Forever Yours: PFAS and Diamonds
Valentine's Day is when the enamored declare their undying love, and suitors kneel to propose marriage with proffered diamond rings. Diamonds, you may have heard, are forever.
You may have heard that some chemicals last forever, too, called per- and polyfluoroalkyl substances (PFAS). These substances are nicknamed “forever chemicals,” and for good reason.
PFAS are associated with forever because they are highly resistant to degradation, meaning they do not break down in the environment. That persistence is a virtue when put to good use: PFAS can make products grease-proof, water-proof, stick-proof, stain-resistant, or heat- or fire- resistant.
Forever (and Everywhere)
Many see diamonds as rare and special stones. PFAS, on the other hand, are not rare at all. In fact, there are about 9,000 different chemicals in the PFAS group.
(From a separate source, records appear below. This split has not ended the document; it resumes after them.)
(* Let $\mathbb{N}$ be a strongly connected directed graph on $\{1,\dots,m\}$ and let $n\ge 1$. For $i\in\{1,\dots,m\}$ let $\mathcal{N}_i=\{j^i_1,\dots,j^i_{m_i}\}$ be the set of neighbors of $i$ (including $i$), let $b_i$ be the $i$th unit vector of $\mathbb{R}^m$, $\tilde B_i = b_i\otimes I_n$, and $\tilde C_i=\mathrm{column}\{C_{ij^i_1},\dots,C_{ij^i_{m_i}}\}$ with $C_{ij}=(b_i'-b_j')\otimes I_n$. Then there exist matrices $\hat H_i\in\mathbb{R}^{n\times nm_i}$, $i\in\{1,\dots,m\}$, such that for every $q\in\{1,\dots,m\}$ the pair $\big(\sum_{i=1}^m\tilde B_i\hat H_i\tilde C_i,\ \tilde B_q\big)$ is controllable with controllability index $m$.
   Context: The neighbor graph has an arc $j\to i$ iff $j$ is a neighbor of $i$. Strongly connected: directed paths exist between every ordered pair of vertices. The controllability index of a controllable pair $(F,G)$ is the smallest $k$ with $\mathrm{rank}[G\ FG\ \cdots\ F^{k-1}G]$ equal to the state dimension. *)

From HB Require Import structures.
From mathcomp Require Import all_boot all_order all_algebra.
From mathcomp Require Import reals.
Set Implicit Arguments. Unset Strict Implicit. Unset Printing Implicit Defensive.
Import Order.TTheory GRing.Theory Num.Theory.
Local Open Scope ring_scope.

Section Defs.
Variable R : nzRingType.

(* Kronecker product A (x) B, with the standard row-major index
   (i, j) |-> i * r + j given by mxvec_index. *)
Definition kron p q r s (A : 'M[R]_(p, q)) (B : 'M[R]_(r, s)) : 'M[R]_(p * r, q * s) :=
  \matrix_(a, b)
    let (i, j) := enum_val (cast_ord (esym (mxvec_cast p r)) a) in
    let (k, l) := enum_val (cast_ord (esym (mxvec_cast q s)) b) in
    A i k * B j l.

Definition colstack k n N (X : 'I_k -> 'M[R]_(n, N)) : 'M[R]_(k * n, N) :=
  \matrix_(a, b)
    let (i, j) := enum_val (cast_ord (esym (mxvec_cast k n)) a) in X i j b.

Definition ctrb_mx N p (F : 'M[R]_N) (G : 'M[R]_(N, p)) (k : nat) :=
  \mxrow_(j < k) (F ^+ j *m G).
End Defs.

Section Ctrb.
Variable R : fieldType.
Definition ctrb_full N p (F : 'M[R]_N) (G : 'M[R]_(N, p)) (k : nat) : bool :=
  \rank (ctrb_mx F G k) == N.
Definition controllable N p (F : 'M[R]_N) (G : 'M[R]_(N, p)) : Prop :=
  exists k, ctrb_full F G k.
Definition ctrb_index_eq N p (F : 'M[R]_N) (G : 'M[R]_(N, p)) (k : nat) : Prop :=
  controllable F G /\ ctrb_full F G k /\ (forall k', (k' < k)%N -> ~~ ctrb_full F G k').
End Ctrb.

Section Graph.
Variable m : nat.
(* neighbor set of i (including i); arc j -> i iff e j i, i.e. j is a neighbor of i *)
Definition nbrs (e : rel 'I_m) (i : 'I_m) : {set 'I_m} := [set j | (j == i) || e j i].
Definition strongly_connected (e : rel 'I_m) : Prop := forall i j : 'I_m, connect e i j.
End Graph.

Section Mats.
Variables (R : nzRingType) (m n : nat).
Definition Btil (i : 'I_m) : 'M[R]_(m * n, n) :=
  castmx (erefl, mul1n n) (kron (delta_mx i (0 : 'I_1)) (1%:M : 'M[R]_n)).
Definition Cij (i j : 'I_m) : 'M[R]_(n, m * n) :=
  castmx (mul1n n, erefl)
    (kron (delta_mx (0 : 'I_1) i - delta_mx (0 : 'I_1) j) (1%:M : 'M[R]_n)).
(* C~_i = column{C_{i j_1}, ..., C_{i j_{m_i}}} with j_1 < ... < j_{m_i} the neighbors of i *)
Definition Ctil (e : rel 'I_m) (i : 'I_m) : 'M[R]_(#|nbrs e i| * n, m * n) :=
  colstack (fun k : 'I_#|nbrs e i| => Cij i (enum_val k)).
End Mats.

From HB Require Import structures.
From mathcomp Require Import all_boot all_order all_algebra.
From mathcomp Require Import reals zify.
Set Implicit Arguments. Unset Strict Implicit. Unset Printing Implicit Defensive.
Import Order.TTheory GRing.Theory Num.Theory.
Local Open Scope ring_scope.
(* Let $G$ be a finite loopless multigraph, let $\vec G$ be an orientation of $G$, let $a$ be a positive integer and let $\mathfrak f$ be a fraternal completion of $\vec G$ of depth $a$. Let $c:E(\vec G)\to[N]$ be a colouring of the edges such that $c(e_1)\ne c(e_2)$ for every conflict $(e_1,e_2)$ with $e_1\ne e_2$. Then every cycle $\gamma$ of $G$ receives at least $\min(|\gamma|,a+1)$ distinct colours.
   Context: Let $\vec G$ be a finite loopless directed multigraph and $a$ a positive integer. A fraternal completion of $\vec G$ of depth $a$ is a triple $\mathfrak f=((E_1,\dots,E_a),w,\kappa)$ such that: $E_1=E(\vec G)$; for $2\le i\le a$, $E_i$ is the arc set of a directed multigraph with vertex set $V(\vec G)$; the sets $E_1,\dots,E_a$ are pairwise disjoint (distinct arcs may have the same head and tail); writing $E_{\mathfrak f}=\bigcup_{1\le i\le a}E_i$, the weight $w(e)$ of $e\in E_{\mathfrak f}$ is the $i$ with $e\in E_i$; $\kappa$ maps each $e\in\bigcup_{1<i\le a}E_i$ to a pair $(f,g)\in E_{\mathfrak f}^2$ with ${\rm tail}(f)\ne{\rm tail}(g)$, $w(e)=w(f)+w(g)$, ${\rm tail}(e)={\rm tail}(f)$, ${\rm head}(e)={\rm tail}(g)$, ${\rm head}(f)={\rm head}(g)$; and conversely, for all $i,j$ with $i+j\le a$ and all $f\in E_i$, $g\in E_j$ with ${\rm tail}(f)\ne{\rm tail}(g)$ and ${\rm head}(f)={\rm head}(g)$, there is a unique $e\in E_{i+j}$ with $\kappa(e)\in\{(f,g),(g,f)\}$. Let $\prec$ be the partial order on $E_{\mathfrak f}$ obtained as the transitive closure of the relations $f\prec e$ and $g\prec e$ whenever $\kappa(e)=(f,g)$; $f\preceq e$ means $f\prec e$ or $f=e$. Let $\vec H_{\le a}$ be the directed multigraph with vertex set $V(\vec G)$ and arc set $E_{\mathfrak f}$. A pair $(e_1,e_2)$ of arcs of $\vec G$ is a conflict if there exist $f_1,f_2\in E_{\mathfrak f}$ with $f_1\succeq e_1$, $f_2\succeq e_2$, and a directed path of length at most $a$ in $\vec H_{\le a}$ whose first arc is $f_1$ and which ends at an endpoint of $f_2$ (possibly $f_1=f_2$). Cycles of $G$ include $2$-cycles formed by parallel edges; $|\gamma|$ is the number of edges of $\gamma$. *)

From mathcomp Require Import all_boot.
Because they can make products more durable or longer-lasting, PFAS are found in countless items: Food packaging; microwave popcorn bags; non-stick pots and pans; firefighting foam and fire-resistant protective equipment; stain-proof clothing and outdoor gear; carpets, rugs, and furniture; car seats and window treatments; umbrellas; artificial turf; medical equipment, building materials; and more.
In addition, this class of chemicals has been found just about everywhere imaginable: From drinking water and soil to human breast milk and the blood of turtles on remote islands. PFAS are bio-accumulative, meaning they build up in the human body over time.
Speaking of Forever...
In September 2022, US EPA designated two PFAS chemicals—PFOA and PFOS—as "hazardous substances" covered by the Comprehensive Environmental Response, Compensation, and Liability Act (CERCLA), often called Superfund.
CERCLA hazardous substances are subject to a bevy of standards related to reporting releases, funding of environmental cleanup projects, and lasting liability for environmental damage or contamination.
There are implications for transportation, too: “hazardous substances” are included in US DOT’s definition of a hazardous material in 49 CFR 171.8. EPA plans to add more PFAS chemicals to the CERCLA hazardous substances list in early 2023.
In recent years, EPA has also added many PFAS to the list of reportable substances under the Right-to-Know (EPCRA) Toxics Release Inventory or TRI reporting program, sometimes referred to as SARA 313 or "Form R."Lion Members: Find out more about new regulations EPA is planning for 2023 (and beyond) in our coverage of the latest Unified Agenda of Regulatory Actions.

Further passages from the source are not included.